Yeah, there's a lot of Dans. It's part of the hiring requirement.
There's a theme.
Yeah. Keep it simple.
Oh, great. Actually, I wanted to start on the G12-D program.
Okay.
Maybe just to help introduce the story, you guys have somewhat of a unique mechanism with VS-7375. It's an on/off inhibitor. Can you just maybe remind us what differentiates the molecule as you've been moving through the clinic?
Sure. We started a discovery effort with GenFleet, God, we're probably going back four years now. The intent was to find something first and foremost with good oral bioavailability, because that's been a challenge in this space. These are rather large molecules. We also wanted on/off, and those were the two main criteria. They made a couple of hundred molecules. We did a lot of the translational work in animals together with them and chose the lead. One of the things we did find after we chose the molecule that was quite intriguing to us is the residence time on target is quite long. Even though it has a pretty long half-life, it stays on the target even longer. When we've talked recently about going above the 600 mg dose that was chosen in China to the 900 mg, we've dose cleared that.

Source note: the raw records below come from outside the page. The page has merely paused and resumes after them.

Lemma jensen_ln (I : finType) (w x : I -> R) :
  (forall i, 0 < w i) -> \sum_i w i = 1 -> (forall i, 0 < x i) ->
  \sum_i w i * ln (x i) <= ln (\sum_i w i * x i).
Proof.
move=> wp w1 xp; set m := \sum_i w i * x i.
have m0 : 0 < m by apply: weighted_sum_gt0.
have le_i i : w i * ln (x i) <= w i * ln m + (w i * x i / m - w i).
  have : ln (1 + (x i / m - 1)) <= x i / m - 1.
    by apply: le_ln1Dx; have := divr_gt0 (xp i) m0; lra.
  rewrite addrC subrK ln_div ?posrE // => h.
  have := ler_wpM2l (ltW (wp i)) h; lra.
apply: le_trans (ler_sum _ (fun i _ => le_i i)) _.
rewrite big_split /= sumrB -mulr_suml w1 mul1r -mulr_suml -/m divff ?gt_eqF //.
by rewrite subrr addr0.
Qed.

Lemma logdet_concave (I : finType) n (w : I -> R) (M : I -> 'M[R]_n) :
  (forall i, 0 < w i) -> \sum_i w i = 1 -> (forall i, posdefmx (M i)) ->
  \sum_i w i * logdet (M i) <= logdet (\sum_i w i *: M i).
Proof.
rewrite /logdet; elim: n M => [|n IH] M wp w1 pM.
  by rewrite det_mx00 ln1 big1 // => i _; rewrite det_mx00 ln1 mulr0.
have ln_det_schur (N : 'M[R]_(1 + n)) :
    posdefmx N -> ln (\det N) = ln (pivot N) + ln (\det (schur N)).
  move=> pN; have aN := posdefmx_pivot pN.
  rewrite det_schur ?gt_eqF ?(proj1 pN) // lnM ?posrE //.
  exact/det_posdefmx_gt0/posdefmx_schur.
have pN := posdefmx_convex wp w1 pM.
under eq_bigr => i _ do rewrite (ln_det_schur _ (pM i)) mulrDr.
rewrite big_split /= (ln_det_schur _ pN); apply: lerD.
  by rewrite pivot_convex; apply: jensen_ln => // i; apply: posdefmx_pivot.
have pS i := posdefmx_schur (pM i).
have pSN := posdefmx_schur pN; have pSc := posdefmx_convex wp w1 pS.
apply: le_trans (IH _ wp w1 pS) _.
rewrite ler_ln ?posrE ?det_posdefmx_gt0 //.
by apply: ler_det_posdefmx => // y; apply: qform_schur_convex.
Qed.

End LogdetConcave.

Section DetGram.
Variable R : realFieldType.

Lemma sylvester_det d m (X : 'M[R]_(d, m)) (Y : 'M[R]_(m, d)) :
  \det (1%:M + X *m Y) = \det (1%:M + Y *m X).
Proof.
pose B : 'M[R]_(d + m) := block_mx 1%:M (- X) Y 1%:M.
have eXY : \det (block_mx 1%:M X 0 1%:M *m B) = \det (1%:M + X *m Y).
  rewrite mulmx_block !mul1mx !mul0mx !mulmx1 !add0r addNr.
  by rewrite det_lblock det1 mulr1.
have eYX : \det (block_mx 1%:M 0 (- Y) 1%:M *m B) = \det (1%:M + Y *m X).
  rewrite mulmx_block !mul1mx !mul0mx !mulmx1 !addr0 !mulNmx addNr mulmxN opprK.
  by rewrite det_ublock det1 mul1r addrC.
by rewrite -eXY -eYX !det_mulmx det_ublock det_lblock !det1 !mulr1.
Qed.

Lemma det1D_gramC d m (k : R) (Y : 'M[R]_(d, m)) :
  \det (1%:M + k *: (Y *m Y^T)) = \det (1%:M + k *: (Y^T *m Y)).
Proof. by rewrite scalemxAl sylvester_det -scalemxAr. Qed.

Lemma det_addmx_gram d m (P : 'M[R]_d) (Y : 'M[R]_(d, m)) (k : R) : P \in unitmx ->
  \det (P + k *: (Y *m Y^T)) = \det P * \det (1%:M + k *: (Y^T *m invmx P *m Y)).
Proof.
move=> uP; have -> : P + k *: (Y *m Y^T) = P *m (1%:M + (invmx P *m (k *: Y)) *m Y^T).
  by rewrite mulmxDr mulmx1 !mulmxA (mulmxV uP) mul1mx -scalemxAl.
by rewrite det_mulmx sylvester_det -!scalemxAr mulmxA.
Qed.

Lemma qform_invmx1D n (A : 'M[R]_n) v : psdmx A ->
  0 <= qform (invmx (1%:M + A)) v <= qform 1%:M v.
Proof.
move=> pA; have uP := posdefmx_unit (posdefmx1D pA); case: pA => sA pA.
set P := 1%:M + A in uP *; have sP : P^T = P by rewrite linearD /= trmx1 sA.
set u := v *m invmx P; have -> : v = u *m P by rewrite /u mulmxKV.
have -> : qform (invmx P) (u *m P) = qform P u.
  by rewrite /qform trmx_mul sP !mulmxA mulmxKV.
have -> : qform 1%:M (u *m P) = qform P u + qform A u + qform (A^T *m A) u.
  have PP : P *m P = P + A + A^T *m A.
    by rewrite sA /P mulmxDl mul1mx mulmxDr mulmx1 addrA.
  by rewrite -!qformD -PP /qform mulmx1 trmx_mul sP !mulmxA.
have qP : 0 <= qform P u by rewrite qformD addr_ge0 ?qform1_ge0.
have qAA : 0 <= qform (A^T *m A) u by have [_] := psdmx_gram A^T; rewrite trmxK.
by rewrite qP -addrA lerDl addr_ge0.
Qed.

Lemma psdmx_invmx1D n (A : 'M[R]_n) : psdmx A -> psdmx (invmx (1%:M + A)).
Proof.
move=> pA; split=> [|v]; last by case/andP: (qform_invmx1D v pA).
by rewrite trmx_inv linearD /= trmx1 (proj1 pA).
Qed.

Lemma det_1D_gram_le d m (A : 'M[R]_d) (Y : 'M[R]_(d, m)) (k : R) :
  psdmx A -> 0 <= k ->
  \det (1%:M + A + k *: (Y *m Y^T)) <= \det (1%:M + A) * \det (1%:M + k *: (Y *m Y^T)).
Proof.
move=> pA k0; have pP := posdefmx1D pA.
rewrite det_addmx_gram ?posdefmx_unit // det1D_gramC.
rewrite ler_pM2l ?det_posdefmx_gt0 //; apply: ler_det_posdefmx.
- exact/posdefmx1D/psdmxZ/psdmx_conj/psdmx_invmx1D.
- by apply/posdefmx1D/psdmxZ => //; have := psdmx_gram Y^T; rewrite trmxK.
- move=> y; rewrite !qformD !qformZ qform_conj lerD2l ler_wpM2l //.
  have -> : qform (Y^T *m Y) y = qform 1%:M (y *m Y^T).
    by rewrite -{2}[Y]trmxK qform_gram.
  by have /andP[] := qform_invmx1D (y *m Y^T) pA.
Qed.

Lemma det_1D_gram_eq d m (A : 'M[R]_d) (Y : 'M[R]_(d, m)) (k : R) :
  psdmx A -> A *m Y = 0 ->
  \det (1%:M + A + k *: (Y *m Y^T)) = \det (1%:M + A) * \det (1%:M + k *: (Y *m Y^T)).
Proof.
move=> pA AY; have uP := posdefmx_unit (posdefmx1D pA).
have PY : (1%:M + A) *m Y = Y by rewrite mulmxDl mul1mx AY addr0.
by rewrite det_addmx_gram // det1D_gramC -mulmxA -{2}PY mulKmx.
Qed.

End DetGram.

Section LogdetGram.
Variable R : realType.

Lemma logdet1D_gram_le d m (A : 'M[R]_d) (Y : 'M[R]_(d, m)) (k : R) :
  psdmx A -> 0 <= k ->
  logdet (1%:M + A + k *: (Y *m Y^T)) <=
  logdet (1%:M + A) + logdet (1%:M + k *: (Y *m Y^T)).
Proof.
move=> pA k0; have pY := psdmxZ k0 (psdmx_gram Y).
have [pP pQ] := (posdefmx1D pA, posdefmx1D pY).
have pAY : posdefmx (1%:M + A + k *: (Y *m Y^T)).
  by rewrite -addrA; exact/posdefmx1D/psdmxD.
rewrite /logdet -lnM ?posrE ?det_posdefmx_gt0 //.
by rewrite ler_ln ?posrE ?mulr_gt0 ?det_posdefmx_gt0 ?det_1D_gram_le.
Qed.

Lemma logdet1D_gram_eq d m (A : 'M[R]_d) (Y : 'M[R]_(d, m)) (k : R) :
  psdmx A -> 0 <= k -> A *m Y = 0 ->
  logdet (1%:M + A + k *: (Y *m Y^T)) =
  logdet (1%:M + A) + logdet (1%:M + k *: (Y *m Y^T)).
Proof.
move=> pA k0 AY; have pQ := posdefmx1D (psdmxZ k0 (psdmx_gram Y)).
have pP := posdefmx1D pA.
by rewrite /logdet det_1D_gram_eq // lnM ?posrE ?det_posdefmx_gt0.
Qed.

Section GramSum.
Variables (d : nat) (I : eqType) (m : I -> nat) (Z : forall i, 'M[R]_(d, m i)) (k : R).
Hypothesis k0 : 0 <= k.

Lemma psdmx_gram_sum (s : seq I) : psdmx (\sum_(i <- s) k *: (Z i *m (Z i)^T)).
Proof.
elim: s => [|i s IH]; rewrite ?big_nil ?big_cons; first exact: psdmx0.
exact/psdmxD/IH/psdmxZ/psdmx_gram.
Qed.

Lemma logdet_gram_sum_le (s : seq I) :
  logdet (1%:M + \sum_(i <- s) k *: (Z i *m (Z i)^T)) <=
  \sum_(i <- s) logdet (1%:M + k *: (Z i *m (Z i)^T)).
Proof.
elim: s => [|i s IH]; first by rewrite !big_nil addr0 /logdet det1 ln1.
rewrite !big_cons addrA addrAC [X in _ <= X]addrC.
apply: le_trans (logdet1D_gram_le (Z i) (psdmx_gram_sum s) k0) _.
by rewrite lerD2r.
Qed.

Lemma logdet_gram_sum_eq (s : seq I) : uniq s ->
  (forall i j, i != j -> (Z i)^T *m Z j = 0) ->
  logdet (1%:M + \sum_(i <- s) k *: (Z i *m (Z i)^T)) =
  \sum_(i <- s) logdet (1%:M + k *: (Z i *m (Z i)^T)).
Proof.
move=> + orthZ; elim: s => [|i s IH]; first by rewrite !big_nil addr0 /logdet det1 ln1.
case/andP=> i_notin_s uniq_s; rewrite !big_cons addrA addrAC [RHS]addrC -IH //.
apply: logdet1D_gram_eq => //; first exact: psdmx_gram_sum.
rewrite mulmx_suml big1_seq // => j /andP[_ js].
rewrite -scalemxAl -mulmxA orthZ ?mulmx0 ?scaler0 //.
by apply: contraNneq i_notin_s => <-.
Qed.

End GramSum.

End LogdetGram.

Section TransRate.
Variables (R : realType) (d C : nat) (nc : 'I_C -> nat).
Variables (Z : forall c : 'I_C, 'M[R]_(d, nc c)) (eps : R).
Hypotheses (hC : (1 <= C)%N) (heps : 0 < eps) (hnc : forall c, (1 <= nc c)%N).

Local Notation n := (\sum_(c < C) nc c)%N.
Local Notation w c := ((nc c)%:R / n%:R : R).
Local Notation rate_mx m W := (1%:M + (m%:R * eps)^-1 *: (W *m W^T)).

Lemma concat_cols_gram : concat_cols Z *m (concat_cols Z)^T = \sum_c Z c *m (Z c)^T.
Proof. by rewrite /concat_cols tr_mxrow mul_mxrow_mxcol. Qed.

Lemma sample_size_gt0 : (0 < n)%N.
Proof. by rewrite (bigD1 (Ordinal hC)) //=; exact: leq_trans (hnc _) (leq_addr _ _). Qed.

Lemma weight_gt0 c : 0 < w c.
Proof. by rewrite divr_gt0 ?ltr0n ?hnc ?sample_size_gt0. Qed.

Lemma weights_sum1 : \sum_c w c = 1.
Proof. by rewrite -mulr_suml -natr_sum divff // pnatr_eq0 -lt0n sample_size_gt0. Qed.

Lemma posdefmx_rate m (W : 'M[R]_(d, m)) : (0 < m)%N -> posdefmx (rate_mx m W).
Proof.
move=> m_gt0; apply/posdefmx1D/psdmxZ; last exact: psdmx_gram.
by rewrite invr_ge0 ltW // mulr_gt0 // ltr0n.
Qed.

Lemma rate_mx_convex : rate_mx n (concat_cols Z) = \sum_c w c *: rate_mx (nc c) (Z c).
Proof.
under [RHS]eq_bigr => c _ do rewrite scalerDr scalerA.
rewrite big_split /= -scaler_suml weights_sum1 scale1r concat_cols_gram scaler_sumr.
congr (_ + _); apply: eq_bigr => c _; congr (_ *: _).
have nc0 : (nc c)%:R != 0 :> R by rewrite pnatr_eq0 -lt0n hnc.
have n0 : n%:R != 0 :> R by rewrite pnatr_eq0 -lt0n sample_size_gt0.
by field; rewrite nc0 n0 gt_eqF.
Qed.

Lemma TrRE : TrR Z eps = 2^-1 *
  (logdet (rate_mx n (concat_cols Z)) - \sum_c w c * logdet (rate_mx (nc c) (Z c))).
Proof.
rewrite /TrR /coding_rate mulrBr mulr_sumr; congr (_ - _).
by apply: eq_bigr => c _; rewrite mulrCA.
Qed.

Lemma TrR_ge0 : 0 <= TrR Z eps.
Proof.
rewrite TrRE mulr_ge0 ?invr_ge0 ?ler0n // subr_ge0 rate_mx_convex.
apply: logdet_concave; [exact: weight_gt0 | exact: weights_sum1 | move=> c].
exact: posdefmx_rate.
Qed.

Lemma TrR_eq0 :
  (forall c, (n%:R)^-1 *: (concat_cols Z *m (concat_cols Z)^T) =
             ((nc c)%:R)^-1 *: (Z c *m (Z c)^T)) ->
  TrR Z eps = 0.
Proof.
move=> same_cov; have rate_c c : rate_mx (nc c) (Z c) = rate_mx n (concat_cols Z).
  by rewrite !invfM ![_^-1 * eps^-1]mulrC -!scalerA (same_cov c).
rewrite TrRE; under [X in _ - X]eq_bigr => c _ do rewrite rate_c.
by rewrite -mulr_suml weights_sum1 mul1r subrr mulr0.
Qed.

One of the intriguing things was not only was the AUC greater, we're seeing better blood levels, but because of the long residence time, the Cmax matters a lot too, the Cmax went up as well. We think we've got an interesting molecule. It's got all the characteristics that we were looking for, and what we've been seeing in the clinic, first and foremost in China replicated, the pre-clinical profile, and what we're seeing here in the U.S. is really replicating what we saw in China. We're pretty optimistic about it.
Got it. Maybe just on that point, this is a molecule that's been evaluated in two distinct geographic populations. I guess, are there any differences between the U.S. and Chinese populations in terms of who's been tested for VS-7375, and maybe how the development, you mentioned selecting potentially moving forward with a higher dose than they were able to reach in China. I guess, just maybe explain some of those distinctions.
Sure. When we look at the patient populations, the two main things we looked at is prior therapies, and the prior therapies seem very consistent with what we see in the U.S. Really the mutational burden, if you will, or the different mutations the patients have, they look quite similar. Having said that, we can't account for every difference in how they're treated in China and the U.S. We look at the Chinese data as really giving us a roadmap. We try and learn as much as we possibly can from the experience in China. At the end of the day, what's really going to matter is what we see in the U.S. That's what we're going to take to regulators. We're not competing against GenFleet. We're competing against others in the U.S. We're very optimistic based on what we've seen to date.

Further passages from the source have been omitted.